Among the entries below, find the lines that hold the word "aidx" and report them.

*** Information provided Section Begins ***

(* At every point $R\in V_N$ with $q(R)>0$, the Cartan tensor $C_{pqr}=\frac12\partial g_{pq}/\partial R^r$ of the Finsleroid metric function satisfies $$C_tC^t=\frac{N^2}{4K^2}\,g^2,$$ and, if $g\neq0$, $$C_{pqr}=\frac1N\Big(h_{pq}C_r+h_{pr}C_q+h_{qr}C_p-\frac{1}{C_sC^s}C_pC_qC_r\Big).$$
   Context: Let $N\ge2$, $V_N=\mathbb{R}^N$ with points $R=(R^1,\dots,R^N)$, $Z=R^N$; indices $a,b$ run over $1,\dots,N-1$, indices $p,q,r,s,t$ over $1,\dots,N$, repeated indices summed. Fix a symmetric positive-definite matrix $(r_{ab})$, $q(R)=\sqrt{r_{ab}R^aR^b}$. Fix $g\in(-2,2)$, $h=\sqrt{1-g^2/4}$, $G=g/h$. Define $B(g;R)=Z^2+gqZ+q^2$, $A(g;R)=Z+\frac12gq$, $\Phi(g;R)=\arctan(A/(hq))$ for $q>0$ ($\Phi=\pm\pi/2$ if $q=0$, $Z\gtrless0$), $J=e^{\frac12G\Phi}$, and $K(g;R)=\sqrt{B}\,J$. Let $g_{pq}=\frac12\partial^2K^2/\partial R^p\partial R^q$ with inverse $g^{pq}$, $R_p=\frac12\partial K^2/\partial R^p$, angular metric tensor $h_{pq}=g_{pq}-R_pR_q/K^2$, $C_p=g^{qr}C_{pqr}$, $C^p=g^{pq}C_q$. *)

(* R : realType, points of V_N are row vectors 'rV[R]_(n.+1), N = n.+1 *)
From HB Require Import structures.
From mathcomp Require Import all_boot all_order all_algebra.
From mathcomp Require Import all_classical all_reals all_analysis.
Set Implicit Arguments. Unset Strict Implicit. Unset Printing Implicit Defensive.
Import Order.TTheory GRing.Theory Num.Theory.
Import numFieldNormedType.Exports.
Local Open Scope ring_scope.

Section Finsleroid.
Variables (R : realType) (n : nat).
Notation pt := 'rV[R]_(n.+1).

Definition coord (x : pt) (p : 'I_n.+1) : R := x 0 p.
Definition Zc (x : pt) : R := x 0 ord_max.
Definition aidx (a : 'I_n) : 'I_n.+1 := widen_ord (leqnSn n) a.

Definition sym_posdef (r : 'M[R]_n) : Prop :=
  r^T = r /\ forall v : 'rV[R]_n, v != 0 -> 0 < (v *m r *m v^T) 0 0.

Definition qf (r : 'M[R]_n) (x : pt) : R :=
  Num.sqrt (\sum_(a < n) \sum_(b < n) r a b * x 0 (aidx a) * x 0 (aidx b)).

Definition hh (g : R) : R := Num.sqrt (1 - g ^+ 2 / 4).
Definition GG (g : R) : R := g / hh g.

Definition Bf (r : 'M[R]_n) (g : R) (x : pt) : R :=
  Zc x ^+ 2 + g * qf r x * Zc x + qf r x ^+ 2.
Definition Af (r : 'M[R]_n) (g : R) (x : pt) : R :=
  Zc x + g * qf r x / 2.
Definition Phi (r : 'M[R]_n) (g : R) (x : pt) : R :=
  if 0 < qf r x then atan (Af r g x / (hh g * qf r x))
  else if 0 < Zc x then pi / 2 else - (pi / 2).
Definition Jf (r : 'M[R]_n) (g : R) (x : pt) : R := expR (GG g * Phi r g x / 2).
Definition Kf (r : 'M[R]_n) (g : R) (x : pt) : R := Num.sqrt (Bf r g x) * Jf r g x.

*** Information provided Section Ends ***

> _Finished task_:
Definition aidx (a : 'I_n) : 'I_n.+1 := widen_ord (leqnSn n) a.
  Num.sqrt (\sum_(a < n) \sum_(b < n) r a b * x 0 (aidx a) * x 0 (aidx b)).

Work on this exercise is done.